I met Veronika Hilská last October during the Bienvenue Arts and Crafts Fair. Veronika, who studied jewelry design at the Academy of Applied Arts in Prague, was selling handcrafted accessories with a group of Czech and French artists in Prague’s picturesque, baroque Malá Strana district. Veronika’s unique pieces are characterized by organic shapes and rich color. Her enamel jewelry uses painterly techniques that make earrings and pendants into wearable works of art.
When Veronika told me that she teaches jewelry-making classes in her studio, I jumped at the opportunity to study under such a skilled artist. I’ve been taking classes with Veronika since the fall, making the trek to her workshop in the evenings after work. The process of learning basic metalsmithing, wirewrapping, and enameling techniques has given me an even greater appreciation for the complexity of Veronika’s craft.
Veronika was kind enough to answer my questions about her craft and her inspirations for Herb and Lace.
When did you get your start making jewelry?
I studied at an arts school, where we tried many media: drawing, painting, nearly all of the classical techniques of printing, modeling in clay, working with paper, and graphic design. I very much enjoyed painting, but unless I left them unfinished, there always came a point when I realized that I’d just spoiled my paintings. With jewelry and objects this problem doesn’t occur. The studio I applied to was offering not only work on jewelry, but also all sorts of three-dimensional objects, which attracted me at the time. I really started working properly on jewelry-making after graduating.
When I was accepted to the Metal and Jewelry studio at the Academy of Applied Arts, most of the works I brought to show were paintings. They told me that I could use painting in an enameling technique, and that sounded great to me. I enhanced my experience by learning other techniques during an exchange stay in Finland. I could really develop my enameling work only after I bought my own enameling kiln, when I was out of school. First I liked to “play” with the enamel; I found some new techniques by experiment. Someone saw it and asked me to make a collection for a selling event accompanying a classical music festival. These were handmade, but simple shapes “decorated” with enamel.

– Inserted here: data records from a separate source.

(* Let $(\eta_k)_{k\in\mathbb{N}}$ be independent identically distributed random variables with values in $\mathbb{N}$, $P(\eta_k=m)=p_m$ ($p_m\ge0$, $\sum_{m=1}^\infty p_m=1$), and let $$\eta=\sum_{k=1}^\infty\frac{(-1)^{k-1}}{\eta_1(\eta_1+\eta_2)\cdots(\eta_1+\eta_2+\dots+\eta_k)}.$$ Then: (1) if $p_i=1$ for some $i\in\mathbb{N}$, the distribution of $\eta$ is degenerate (concentrated at one point); (2) in all other cases the distribution of $\eta$ is purely singularly continuous (i.e. it has no atoms and is singular with respect to Lebesgue measure). *)

From HB Require Import structures.
From mathcomp Require Import all_boot all_order all_algebra.
From mathcomp Require Import all_classical all_reals all_analysis.
Set Implicit Arguments. Unset Strict Implicit. Unset Printing Implicit Defensive.
Import Order.TTheory GRing.Theory Num.Theory numFieldNormedType.Exports.
Local Open Scope classical_set_scope.
Local Open Scope ring_scope.

(* Mutual independence of a sequence of N-valued random variables:
   for every finite set of distinct indices s and every family of
   (necessarily measurable, N carries the discrete sigma-algebra) sets A_k,
   P (/\_{k in s} {X_k in A_k}) = prod_{k in s} P {X_k in A_k}. *)
Definition mutually_independent_nat {d} {T : measurableType d} {R : realType}
  (P : probability T R) (X : nat -> T -> nat) : Prop :=
  forall (s : seq nat) (A : nat -> set nat), uniq s ->
    P (\bigcap_(k in [set` s]) (X k @^-1` A k)) =
    (\prod_(k <- s) P (X k @^-1` A k))%E.

(* The random variable
   eta = sum_{k>=1} (-1)^(k-1) / (eta_1 (eta_1+eta_2) ... (eta_1+...+eta_k)),
   written with 0-based indices: term k is (-1)^k / prod_{i<=k} (sum_{j<=i} X_j). *)
Definition eta_series {T : Type} {R : realType} (X : nat -> T -> nat) (w : T) : R :=
  limn (fun n : nat => (\sum_(k < n) ((-1) ^+ k / \prod_(i < k.+1) ((\sum_(j < i.+1) X j w)%N)%:R) : R)).

From HB Require Import structures.
From mathcomp Require Import all_boot all_order all_algebra.
From mathcomp Require Import all_classical all_reals all_analysis.
From mathcomp Require Import ring lra zify.
Import Order.TTheory GRing.Theory Num.Theory numFieldNormedType.Exports.
Local Open Scope classical_set_scope.
Local Open Scope ring_scope.
Set Implicit Arguments. Unset Strict Implicit. Unset Printing Implicit Defensive.

(* Write d_k = eta_1 + ... + eta_k.  The series satisfies
   eta = (1 - eta') / d_1, where eta' is the same series built on the
   shifted sequence (eta_2, eta_3, ...) with denominators d_2, d_3, ...;
   consequently 1/(d_1 + 1) < eta < 1/d_1.  So eta determines d_1, then
   eta' = 1 - d_1 eta determines d_2, and so on: eta is an injective
   function of the sequence (eta_k).  An atom of eta is therefore the event
   that every eta_k takes a prescribed value, of probability at most c^n for
   all n, where c = sup_m p_m < 1 when the law is not degenerate.
   For singularity fix m with p_m > 0.  The affine map x |-> 1 - d x
   scales Lebesgue measure by d, so the set of x whose n-th increment equals
   m has Lebesgue measure at most 1/(n+1).  Along the sparse indices
   n_j = (j+1)(j+2) these measures are summable, and Borel-Cantelli makes
   the upper limit of these sets Lebesgue-null; by independence,
   eta_{n_j} = m happens for infinitely many j almost surely. *)

Section InverseNat.
Context {R : realFieldType}.

Lemma invr_nat_ge0 k : 0 <= (k%:R : R)^-1.
Proof. by rewrite invr_ge0 ler0n. Qed.

Lemma invr_nat_le1 k : (0 < k)%N -> (k%:R : R)^-1 <= 1.
Proof. by move=> k0; rewrite invf_le1 ?ler1n ?ltr0n. Qed.

Lemma ler_invr_nat k l : (0 < k)%N -> (k <= l)%N -> (l%:R : R)^-1 <= (k%:R)^-1.
Proof.
move=> k0 kl; rewrite lef_pV2 ?ler_nat // posrE ltr0n //.
exact: leq_trans kl.
Qed.

Lemma invr_nat_sub k : (0 < k)%N ->
  (k%:R : R)^-1 - (k.+1%:R)^-1 = ((k * k.+1)%N%:R)^-1.
Proof.
move=> k0; have k1 : (k%:R : R) != 0 by rewrite pnatr_eq0 -lt0n.
have k2 : (k.+1%:R : R) != 0 by rewrite pnatr_eq0.
by rewrite natrM; field; rewrite addrC natr1 k1 k2.
Qed.

End InverseNat.

Section EtaExpansion.
Context {R : realType}.
Implicit Types (a b : nat -> nat) (s c k n m : nat) (x : R).

Definition pos_seq a := forall j, (0 < a j)%N.

Lemma pos_seq_tail a : pos_seq a -> pos_seq (fun j => a j.+1).
Proof. by move=> Ha j. Qed.

Lemma head_den_gt0 s a : pos_seq a -> (0 < s + a 0)%N.
Proof. by move=> Ha; rewrite addn_gt0 (Ha 0%N) orbT. Qed.

(* The offset [s] lets the series of the tail [fun j => a j.+1] be written
   in the same form, with offset [s + a 0]. *)
Definition eta_sum s a n : R :=
  \sum_(k < n) ((-1) ^+ k / \prod_(i < k.+1) ((s + \sum_(j < i.+1) a j)%N)%:R).

Definition eta_val s a : R := limn (eta_sum s a).

Lemma eta_seriesE T (X : nat -> T -> nat) w :
  eta_series X w = eta_val 0 (fun j => X j w) :> R.
Proof. by []. Qed.

Lemma eta_sum0 s a : eta_sum s a 0%N = 0.
Proof. by rewrite /eta_sum big_ord0. Qed.

Lemma eta_sumS s a n : eta_sum s a n.+1 =
  (1 - eta_sum (s + a 0)%N (fun j => a j.+1) n) / (s + a 0)%N%:R.
Proof.
rewrite /eta_sum big_ord_recl /= big_ord1 big_ord1 expr0 mulrBl div1r.
congr (_ + _); rewrite -mulNr -sumrN mulr_suml; apply: eq_bigr => k _.
rewrite /bump /= add1n big_ord_recl /= big_ord1.
have -> : \prod_(i < k.+1) ((s + \sum_(j < (lift ord0 i).+1) a j)%N)%:R
   = \prod_(i < k.+1) ((s + a 0 + \sum_(j < i.+1) a j.+1)%N)%:R :> R.
  by apply: eq_bigr => i _; rewrite /= big_ord_recl /= addnA.
by rewrite exprS invfM; ring.
Qed.

Lemma eta_sum_bounds s a n : pos_seq a ->
  0 <= eta_sum s a n /\ eta_sum s a n <= ((s + a 0)%N%:R)^-1.
Proof.
elim: n s a => [|n IH] s a Ha; first by rewrite eta_sum0 lexx invr_nat_ge0.
rewrite eta_sumS; have [h0 h1] := IH (s + a 0)%N _ (pos_seq_tail Ha).
have tail_le1 : eta_sum (s + a 0)%N (fun j => a j.+1) n <= 1.
  by apply: (le_trans h1); apply: invr_nat_le1; rewrite addn_gt0 (Ha 1%N) orbT.
split; first by apply: mulr_ge0; [rewrite subr_ge0 | exact: invr_nat_ge0].
rewrite -[X in _ <= X]mul1r; apply: ler_wpM2r; first exact: invr_nat_ge0.
by rewrite lerBlDr lerDl.
Qed.

Lemma eta_sum_le1 s a n : pos_seq a -> eta_sum s a n <= 1.
Proof.
move=> Ha; have [_ h] := eta_sum_bounds s n Ha.
apply: (le_trans h); exact: invr_nat_le1 (head_den_gt0 s Ha).
Qed.

Lemma eta_sumSB s a m n :
  eta_sum s a m.+1 - eta_sum s a n.+1 =
  (eta_sum (s + a 0)%N (fun j => a j.+1) n - eta_sum (s + a 0)%N (fun j => a j.+1) m)
   * ((s + a 0)%N%:R)^-1.
Proof. by rewrite !eta_sumS; ring. Qed.

Lemma eta_sum_cauchy_pos n s a m : (0 < s)%N -> pos_seq a -> (n <= m)%N ->
  `|eta_sum s a m - eta_sum s a n| <= (2 ^+ n)^-1.
Proof.
elim: n s a m => [|n IH] s a m s0 Ha nm.
  rewrite eta_sum0 subr0 expr0 invr1 ger0_norm; last by case: (eta_sum_bounds s m Ha).
  exact: eta_sum_le1.
case: m nm => [//|m] nm.
rewrite eta_sumSB normrM (ger0_norm (invr_nat_ge0 _)).
rewrite exprS invfM [X in _ <= X]mulrC; apply: ler_pM.
- exact: normr_ge0.
- exact: invr_nat_ge0.
- by rewrite distrC; apply: IH (pos_seq_tail Ha) _; rewrite ?addn_gt0 ?s0.
- by apply: (@ler_invr_nat _ 2) => //; exact: leq_add s0 (Ha 0%N).
Qed.

Lemma eta_sum_cauchy n s a m : pos_seq a -> (n <= m)%N ->
  `|eta_sum s a m - eta_sum s a n| <= 2 * (2 ^+ n)^-1.
Proof.
move=> Ha; case: n => [|n] nm.
  rewrite eta_sum0 subr0 expr0 invr1 ger0_norm; last by case: (eta_sum_bounds s m Ha).
  by apply: (le_trans (eta_sum_le1 s m Ha)); rewrite mulr1 ler1n.
case: m nm => [//|m] nm.
rewrite eta_sumSB normrM (ger0_norm (invr_nat_ge0 _)).
rewrite exprS invfM mulrA mulfV ?mul1r // -[X in _ <= X]mulr1; apply: ler_pM.
- exact: normr_ge0.
- exact: invr_nat_ge0.
- by rewrite distrC; apply: eta_sum_cauchy_pos (pos_seq_tail Ha) _ => //;
    exact: head_den_gt0.
- exact: invr_nat_le1 (head_den_gt0 s Ha).
Qed.

Lemma exists_two_expr_lt (e : R) : 0 < e -> exists N, 2 * (2 ^+ N)^-1 < e.
Proof.
move=> e0; have /archi_boundP hb : 0 <= 2 / e by rewrite divr_ge0 // ltW.
exists (Num.Def.archi_bound (2 / e)).
set N := Num.Def.archi_bound (2 / e) in hb *.
have hN : (N%:R : R) <= 2 ^+ N by rewrite -natrX ler_nat ltnW // ltn_expl.
have : 2 / e < 2 ^+ N by exact: lt_le_trans hb hN.
by rewrite ltr_pdivrMr // => h; rewrite ltr_pdivrMr ?exprn_gt0 // mulrC.
Qed.

Lemma eta_sum_cvg s a : pos_seq a -> cvgn (eta_sum s a).
Proof.
move=> Ha; apply/cauchy_cvgP/cauchyP => e e0.
have [N HN] := exists_two_expr_lt e0.
exists (eta_sum s a N); exists N => // n /= Nn.
rewrite /ball /= distrC; exact: le_lt_trans (eta_sum_cauchy _ Ha Nn) HN.
Qed.

Lemma eta_val_le s a : pos_seq a -> eta_val s a <= ((s + a 0)%N%:R)^-1.
Proof.
move=> Ha; apply: limr_le; first exact: eta_sum_cvg.
by apply: nearW => n; case: (eta_sum_bounds s n Ha).
Qed.

Lemma eta_valE s a : pos_seq a ->
  eta_val s a = (1 - eta_val (s + a 0)%N (fun j => a j.+1)) / (s + a 0)%N%:R.
Proof.
move=> Ha; apply: cvg_lim => //; rewrite -cvg_shiftS /=.
under eq_fun do rewrite eta_sumS.
apply: cvgM; last exact: cvg_cst.
by apply: cvgB; [exact: cvg_cst | exact: eta_sum_cvg (pos_seq_tail Ha)].
Qed.

Definition shift_map c x : R := 1 - c%:R * x.

Lemma eta_val_tail s a : pos_seq a ->
  eta_val (s + a 0)%N (fun j => a j.+1) = shift_map (s + a 0)%N (eta_val s a).
Proof.
move=> Ha; rewrite /shift_map [in RHS](eta_valE s Ha).
have c0 : (s + a 0)%N%:R != 0 :> R by rewrite pnatr_eq0 -lt0n head_den_gt0.
by rewrite mulrCA mulfV // mulr1 opprB addrC subrK.
Qed.

Lemma eta_val_gt0 s a : pos_seq a -> 0 < eta_val s a.
Proof.
move=> Ha; rewrite (eta_valE s Ha) divr_gt0 ?ltr0n ?head_den_gt0 // subr_gt0.
have h := eta_val_le (s + a 0)%N (pos_seq_tail Ha).
have hd : (1 < s + a 0 + a 1)%N by have := Ha 0%N; have := Ha 1%N; lia.
by apply: le_lt_trans h _; rewrite invf_lt1 ?ltr0n ?ltr1n ?(ltnW hd).
Qed.

Definition digit_itv c : interval R := `](c%:R + 1)^-1, (c%:R)^-1[.

Lemma digit_itv_inj x c c' : x \in digit_itv c -> x \in digit_itv c' -> c = c'.
Proof.
have key u v : (u < v)%N -> x \in digit_itv u -> x \in digit_itv v -> False.
  move=> uv; rewrite /digit_itv !in_itv /= => /andP[hu _] /andP[_ hv].
  have : (v%:R : R)^-1 <= (u%:R + 1)^-1 by rewrite natr1; exact: ler_invr_nat.
  by move=> /(lt_le_trans hv) /(lt_trans hu); rewrite ltxx.
by move=> hc hc'; case: (ltngtP c c') => // h; [case: (key _ _ h hc hc') |
  case: (key _ _ h hc' hc)].
Qed.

I like enamel most because of the wide variety of colors one can use. The process itself is very exciting, especially when I’m using some of my techniques, or trying something new. You put something into the kiln, and what comes out is totally different from what you imagined. Taking a piece out of the kiln can be almost magical. When you open the door of the glowing bright orange kiln, take out the piece, and leave it to cool down, the colors fade from bright orange to very dark. Only then do the true colors start bleeding through.
How would you describe your jewelry-making style?
I am still developing my style. I have a lot of work done, but even more is in front of me. When I started teaching jewelry classes, I had to explore a wide variety of techniques. Each one of the techniques is interesting and inspirational in its own way, but they kind of disintegrated my style. Nevertheless, I believe that within some horizon of time, my work will be more legible. It will be more clear how the things relate to each other, and what the source of inspiration was. I prefer more ornamental and organic to minimalistic, cold design styles, but it must be original.
Where do you look for inspiration in your work?
If I had to use one word I would probably say nature. Nature is the magician humans can’t compete with. It is endlessly inspirational. But I also like to be inspired by architecture, and ethnic or ancient jewelry. But, as I described earlier, many times the look of a piece is defined by an accident.
Which artists or designers do you admire, and why?
Of course I have many favorites, but in this particular field, it’s difficult to keep up. I remember once at school, I came across some works by Christianne Föerster and I could say that influenced me back then, because I didn’t know that jewelry could look like this. Her jewelry looked quite fragile and very intriguing–like mysterious talismans of personal mythology. Then I recently found some new works by Giovanni Corvaja, who’s using thin golden wires to make jewelry that resembles fur. Weaving golden wire is associated with fairy tales, which often deal with the ambiguity of values. I also recently discovered Ute Kolar, Jacqueline Ryan and objects by Junko Mori.
What are a couple of your favorite spots in Prague?
I like higher places, spots alongside the river, and the islands. I also like watertowers and gardens. I like the iron bridge, and the riverbank nearby is my favorite.
What is your favorite place to take visitors in the city?
It depends on the kind of visitor. Probably St. Vitus cathedral and St. Nicholas. I like the Royal Gardens a lot and the singing fountain. But I also like places that are off the usual touristic routes, but just by them. They are astonishingly quiet, as if they were forgotten by the rest of the world. You feel like you are in a village. I like this a lot about Prague, but I’m afraid it won’t take long until every inch of the central town will be used up. Lots of these places already have been changed, or are no longer accessible.